1
votes

I'm trying to run airflow in a docker container and send the logs to s3. I've the following environment Airflow Version: 1.10.2

Also updated the following in the airflow.cfg

logging_config_class = log_config.LOGGING_CONFIG

where LOGGING_CONFIG is defined in the class config/log_config.py.
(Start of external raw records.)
(* Lebesgue null sets: coverable by countably many closed cubes
   (center c n, half-side r n) of total volume (2 r n)^d at most eps. *)
Definition lebesgue_null {d : nat} (N : rset d) : Prop :=
  forall eps, 0 < eps -> exists (c : nat -> point d) (r : nat -> R),
    (forall n, 0 <= r n) /\
    (forall m, sum_f_R0 (fun n => (2 * r n) ^ d) m <= eps) /\
    (forall x, N x -> exists n, forall i, Rabs (x i - c n i) <= r n).

(* Lebesgue measurable sets: Borel up to a null set (the completion). *)
Definition lebesgue_measurable {d : nat} (A : rset d) : Prop :=
  exists B N, borel B /\ lebesgue_null N /\
    forall x, ~ N x -> (A x <-> B x).

(* A probability measure on the Lebesgue sigma-algebra of R^d,
   given as a set function (values on non-measurable sets are irrelevant). *)
Definition is_probability_measure {d : nat} (mu : rset d -> R) : Prop :=
  (forall A, lebesgue_measurable A -> 0 <= mu A) /\
  mu (fun _ => True) = 1 /\
  (forall A : nat -> rset d,
     (forall n, lebesgue_measurable (A n)) ->
     (forall m n x, m <> n -> A m x -> A n x -> False) ->
     Un_cv (fun m => sum_f_R0 (fun n => mu (A n)) m)
           (mu (fun x => exists n, A n x))).

Definition abs_continuous {d : nat} (mu : rset d -> R) : Prop :=
  forall N : rset d, lebesgue_null N -> mu N = 0.

Definition ac_probability_measure {d : nat} (mu : rset d -> R) : Prop :=
  is_probability_measure mu /\ abs_continuous mu.

Definition convex {d : nat} (C : rset d) : Prop :=
  forall x y : point d, C x -> C y -> forall t, 0 <= t <= 1 ->
    C (fun i => t * x i + (1 - t) * y i).

(* Let L = 4d + 14, let v_0 = 0 and v_(i+1) = L e_i be the
   vertices of a large simplex, and let mu_j (j <= d) be the uniform measure on
   the cube v_j + [0, 1/2]^d, while mu_j (j > d) is uniform on [1, 2]^d.
   If mu_j(C) = alpha > 0 for all j <= d, the convex set C meets all the small
   cubes near the vertices, and then it contains [1, 2]^d, so mu_(d+1)(C) = 1,
   contradicting alpha < 1. *)

From Pilot Require Import Defs.
From Stdlib Require Import Reals.
Open Scope R_scope.
From HB Require Import structures.
From mathcomp Require all_boot all_order all_algebra all_classical all_reals all_analysis measurable_realfun.
From mathcomp Require Rstruct Rstruct_topology.
From mathcomp Require ring lra.
From Stdlib Require Import Lra Lia FunctionalExtensionality ClassicalEpsilon.

Definition in_cube {d : nat} (p : point d) (s : R) (y : point d) : Prop :=
  forall i, p i <= y i <= p i + s.

Module UniformCube.
Import all_boot all_order all_algebra all_classical all_reals all_analysis measurable_realfun Rstruct Rstruct_topology.
Import ring lra.
Set Implicit Arguments. Unset Strict Implicit. Unset Printing Implicit Defensive.
Import Order.TTheory GRing.Theory Num.Theory.
Import numFieldNormedType.Exports.
Local Open Scope classical_set_scope.
Local Open Scope ring_scope.
Local Notation T := (measurableTypeR R).

Definition U01 : probability T R := uniform_prob (@ltr01 R).

(* U01 is dominated by Lebesgue measure, since its density is at most 1. *)
Lemma U01_le_lebesgue (A : set T) : measurable A -> (U01 A <= lebesgue_measure A)%E.
Proof.
move=> mA; rewrite /U01 /uniform_prob.
apply: (@le_trans _ _ (\int[lebesgue_measure]_(x in A) (cst 1%E x))%E).
  apply: ge0_le_integral => //=.
  - by move=> x _; rewrite lee_fin uniform_pdf_ge0.
  - by apply/measurable_EFinP/measurable_funTS; exact: measurable_uniform_pdf.
  - move=> x _; rewrite lee_fin /uniform_pdf; case: ifPn => _; last by [].
    by rewrite subr0 invr1.
by rewrite integral_cst//= mul1e.
Qed.

Lemma U01_itv (a r : R) : 0 <= r -> (U01 `[a, (a + r)%R]%classic <= r%:E)%E.
Proof.
move=> r0; apply: le_trans (U01_le_lebesgue (measurable_itv _)) _.
rewrite lebesgue_measure_itv /= lte_fin.
case: ifPn => _; last by rewrite lee_fin.
by rewrite -EFinD addrAC subrr add0r.
Qed.

Lemma U01_01 : U01 `[0, 1]%classic = 1%E.
Proof.
exact: (@integral_uniform_pdf1 R 0 1 `[0, 1]%classic (@ltr01 R) (@subset_refl _ _)).
Qed.

Definition consf n (p : T * n.-tuple T) : n.+1.-tuple T := [tuple of p.1 :: p.2].

Lemma measurable_consf n : measurable_fun setT (@consf n).
Proof. exact: measurable_cons. Qed.

HB.instance Definition _ n :=
  isMeasurableFun.Build _ _ _ _ (@consf n) (@measurable_consf n).

Fixpoint cube_prob n : probability (n.-tuple T) R :=
  match n with
  | 0 => \d_([tuple] : 0.-tuple T)
  | n'.+1 => distribution (U01 \x cube_prob n')%E (@consf n')
  end.

Lemma cube_probS n (A : set (n.+1.-tuple T)) :
  cube_prob n.+1 A = (U01 \x cube_prob n)%E (@consf n @^-1` A).
Proof. by []. Qed.

Definition box n (a : 'I_n -> R) (r : R) : set (n.-tuple T) :=
  [set t | forall i, a i <= tnth t i <= a i + r].
Arguments box : clear implicits.

Definition unit_box n := box n (fun=> 0) 1.
Arguments unit_box : clear implicits.

Lemma measurable_box n a r : measurable (box n a r).
Proof.
have -> : box n a r =
    \bigcap_(i in [set: 'I_n]) ((fun t => tnth t i) @^-1` `[a i, a i + r]%classic).
  apply/seteqP; split => t /=.
    by move=> H i _; rewrite /= in_itv /=; exact: H.
  by move=> H i; have := H i I; rewrite /= in_itv /=.
apply: fin_bigcap_measurable => // i _; rewrite -[X in measurable X]setTI.
exact: (@measurable_tnth _ T n i) _ (measurable_itv _).
Qed.

Lemma consf_box n a r : @consf n @^-1` box n.+1 a r =
  `[a ord0, a ord0 + r]%classic `*` box n (fun i => a (lift ord0 i)) r.
Proof.
apply/seteqP; split => -[x t] /=.
  move=> H; split; first by have := H ord0; rewrite in_itv.
  by move=> i; have := H (lift ord0 i); rewrite tnthS.
rewrite in_itv /= => -[H0 H] i.
by case: (unliftP ord0 i) => [j ->|->]; [rewrite tnthS; exact: H | exact: H0].
Qed.

Lemma cube_prob_box n a r : 0 <= r -> (cube_prob n (box n a r) <= (r ^+ n)%:E)%E.
Proof.
move=> r0; elim: n a => [|n IH] a.
  by rewrite /= /dirac expr0 indicE; case: (_ \in _); rewrite lee_fin.
rewrite cube_probS consf_box product_measure1E ?exprS ?EFinM;
  [|exact: measurable_itv|exact: measurable_box].
by apply: lee_pmul => //; [exact: U01_itv | exact: IH].
Qed.

Lemma cube_prob_unit_box n : cube_prob n (unit_box n) = 1%E.
Proof.
elim: n => [|n IH].
  have t0 : ([tuple] : 0.-tuple T) \in unit_box 0 by apply/mem_set => -[].
  by rewrite /= /dirac indicE t0.
rewrite cube_probS consf_box product_measure1E;
  [|exact: measurable_itv|exact: measurable_box].
rewrite add0r /= (_ : cube_prob n _ = 1%E); last exact: IH.
by rewrite mule1; exact: U01_01.
Qed.

Lemma cube_prob_outside n : cube_prob n (~` unit_box n) = 0%E.
Proof.
by rewrite probability_setC ?cube_prob_unit_box ?subee //; exact: measurable_box.
Qed.

(* It is needed because the pullback of a Lebesgue-measurable set
   need not be measurable for the product sigma-algebra on tuples. *)
Section outer_measure.
Variable n : nat.
Local Notation P := (cube_prob n).

Definition out (S : set (n.-tuple T)) : \bar R :=
  ereal_inf [set P M | M in [set M | measurable M /\ S `<=` M]].

Lemma out_le S M : measurable M -> S `<=` M -> (out S <= P M)%E.
Proof. by move=> mM SM; apply: ereal_inf_lbound; exists M. Qed.

Lemma out_ge S x :
  (forall M, measurable M -> S `<=` M -> (x <= P M)%E) -> (x <= out S)%E.
Proof. by move=> H; apply: le_ereal_inf_tmp => _ [M [mM SM] <-]; exact: H. Qed.

Lemma out_ge0 S : (0 <= out S)%E.
Proof. by apply: out_ge => M mM _; exact: measure_ge0. Qed.

Lemma out_le1 S : (out S <= 1)%E.
Proof. by rewrite -(probability_setT P); apply: out_le. Qed.

Lemma out_finite S : (fine (out S))%:E = out S.
Proof.
apply: fineK; rewrite ge0_fin_numE ?out_ge0 //.
exact: le_lt_trans (out_le1 S) (ltry _).
Qed.

Lemma out_ae S B Z : measurable B -> P.-negligible Z ->
  (forall t, ~ Z t -> (S t <-> B t)) -> out S = P B.
Proof.
move=> mB [N [mN PN0 ZN]] SB.
have up M : measurable M -> (P (M `|` N) <= P M)%E.
  move=> mM; apply: le_trans (measureU2 _ mM mN) _.
  by change (P M + P N <= P M)%E; rewrite PN0 adde0.
apply/eqP; rewrite eq_le; apply/andP; split.
  apply: le_trans (up _ mB); apply: out_le => [|t St]; first exact: measurableU.
  by have [Zt|nZt] := pselect (Z t); [right; exact: ZN | left; apply/(SB t nZt)].
apply: out_ge => M mM SM.
apply: le_trans (up _ mM); apply: le_measure.
- by rewrite inE.
- by rewrite inE; exact: measurableU.
- move=> t Bt; have [Zt|nZt] := pselect (Z t); first by right; exact: ZN.
  by left; apply: SM; apply/(SB t nZt).
Qed.

Lemma out_measurable M : measurable M -> out M = P M.
Proof.
by move=> mM; apply: (out_ae (Z := set0)) => //; exact: negligible_set0.
Qed.

End outer_measure.

Lemma sum_f_R0_big (f : nat -> R) m : sum_f_R0 f m = \sum_(0 <= i < m.+1) f i.
Proof.
elim: m => [|m IH]; first by rewrite big_nat1.
by rewrite big_nat_recr //= -IH.
Qed.

Lemma nneseries_le_bound (g : nat -> R) (e : R) : (forall i, 0 <= g i) ->
  (forall m, \sum_(0 <= i < m) g i <= e) -> (\sum_(i <oo) (g i)%:E <= e%:E)%E.
Proof.
move=> g0 H; apply: lime_le.
  by apply: is_cvg_nneseries => i _ _; rewrite lee_fin.
by apply: nearW => m; rewrite sumEFin lee_fin.
Qed.

Lemma cvg_Un_cv (u : nat -> R) (l : R) :
  (fun n => \sum_(0 <= i < n) u i) @ \oo --> l ->
  Un_cv (fun m => sum_f_R0 u m) l.
Proof.
move=> Hc eps eps0.
have [N _ HN] := proj1 (@cvgrPdist_lt _ R^o _ _ eventually_filter _ _) Hc
  eps (introT RltP eps0).
exists N => n Hn; rewrite /R_dist sum_f_R0_big.
apply/RltP; change (`|\sum_(0 <= i < n.+1) u i - l| < eps); rewrite distrC.
by apply: HN => /=; apply: leq_trans (leqnSn n); exact/ssrnat.leP.
Qed.

Lemma interval_of_dist (p x c rr s : R) : 0 < s -> `|p + s * x - c| <= rr ->
  (c - rr - p) / s <= x <= (c - rr - p) / s + 2 * rr / s.
Proof.
move=> s0; rewrite ler_norml => /andP[h1 h2].
rewrite -mulrDl ler_pdivrMr // ler_pdivlMr // [x * s]mulrC.
by apply/andP; split; lra.
Qed.

Section coordinates.
Variable d : nat.

Definition fin_ord (i : Fin.t d) : 'I_d :=
  Ordinal (introT ssrnat.ltP (proj2_sig (Fin.to_nat i))).
Definition ord_fin (j : 'I_d) : Fin.t d :=
  Fin.of_nat_lt (elimT ssrnat.ltP (ltn_ord j)).

Lemma ord_finK : cancel ord_fin fin_ord.
Proof. by move=> j; apply: val_inj; rewrite /= Fin.to_nat_of_nat. Qed.

Definition grid_box (z : d.-tuple int) (m : nat) : set (d.-tuple T) :=
  box d (fun j => (tnth z j)%:~R / m.+1%:R) m.+1%:R^-1.

Lemma grid_box_cover m t : exists z, grid_box z m t.
Proof.
exists [tuple Num.floor (tnth t i * m.+1%:R) | i < d] => i.
rewrite tnth_mktuple.
have /andP[h1 h2] := floor_itv (tnth t i * m.+1%:R); rewrite intrD1 in h2.
have -> (a : R) : a / m.+1%:R + m.+1%:R^-1 = (a + 1) / m.+1%:R.
  by rewrite mulrDl mul1r.
by rewrite ler_pdivrMr ?ltr0n // h1 ler_pdivlMr ?ltr0n // ltW.
Qed.

Lemma grid_box_close z m t t' i : grid_box z m t -> grid_box z m t' ->
  `|tnth t' i - tnth t i| <= m.+1%:R^-1.
Proof.
move=> /(_ i) + /(_ i); set a := _ / _; set c := _^-1.
move=> /andP[h1 h2] /andP[h3 h4].
by rewrite ler_norml; apply/andP; split; lra.
Qed.

End coordinates.

Section pullback.
Variables (d : nat) (p : Defs.point d) (s : R).
Hypothesis s_pos : (0 < s)%coqR.
Let s0 : 0 < s := introT RltP s_pos.

Definition emb (t : d.-tuple T) : Defs.point d := fun i => p i + s * tnth t (fin_ord i).
Definition pre (A : rset d) : set (d.-tuple T) := [set t | A (emb t)].

(* Open sets pull back to countable unions of grid boxes. *)
Lemma measurable_pre_open U : is_open U -> measurable (pre U).
Proof.
move=> oU.
pose G (k : d.-tuple int * nat) :=
  if `[< grid_box k.1 k.2 `<=` pre U >] then grid_box k.1 k.2 else set0.
have -> : pre U = \bigcup_k G k.
  apply/seteqP; split; last first.
    by move=> t [k _]; rewrite /G; case: asboolP => // H; exact: H.
  move=> t Ut; have [r [/RltP r0 Hr]] := oU _ Ut.
  have [m sm] : exists m : nat, s * m.+1%:R^-1 < r.
    exists (Num.truncn (s / r)).
    by rewrite ltr_pdivrMr ?ltr0n // mulrC -ltr_pdivrMr // truncnS_gt.
  have [z tz] := grid_box_cover m t.
  have sub : grid_box z m `<=` pre U.
    move=> t' zt'; apply: Hr => i; apply/RltP.
    change (`|p i + s * tnth t' (fin_ord i) - (p i + s * tnth t (fin_ord i))| < r).
    rewrite (_ : _ - _ = s * (tnth t' (fin_ord i) - tnth t (fin_ord i))); last by ring.
    rewrite normrM gtr0_norm //; apply: le_lt_trans sm.
    by apply: (ler_wpM2l (ltW s0)); exact: grid_box_close.
  by exists (z, m) => //; rewrite /G /= asboolT.
apply: countable_bigcupT_measurable; first exact: countableP.
by move=> k; rewrite /G; case: asboolP => _ //; exact: measurable_box.
Qed.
I've created following files:

  1. config/__init__.py
  2. config/log_config.py

I've set up the log_config.py in the following way:

# -*- coding: utf-8 -*-
#
# Licensed to the Apache Software Foundation (ASF) under one
# or more contributor license agreements.  See the NOTICE file
# distributed with this work for additional information
# regarding copyright ownership.  The ASF licenses this file
# to you under the Apache License, Version 2.0 (the
# "License"); you may not use this file except in compliance
# with the License.  You may obtain a copy of the License at
#
#   http://www.apache.org/licenses/LICENSE-2.0
#
# Unless required by applicable law or agreed to in writing,
# software distributed under the License is distributed on an
# "AS IS" BASIS, WITHOUT WARRANTIES OR CONDITIONS OF ANY
# KIND, either express or implied.  See the License for the
# specific language governing permissions and limitations
# under the License.

import os
from typing import Dict, Any

from airflow import configuration as conf
from airflow.utils.file import mkdirs

# TODO: Logging format and level should be configured
# in this file instead of from airflow.cfg. Currently
# there are other log format and level configurations in
# settings.py and cli.py. Please see AIRFLOW-1455.
LOG_LEVEL = conf.get('core', 'LOGGING_LEVEL').upper()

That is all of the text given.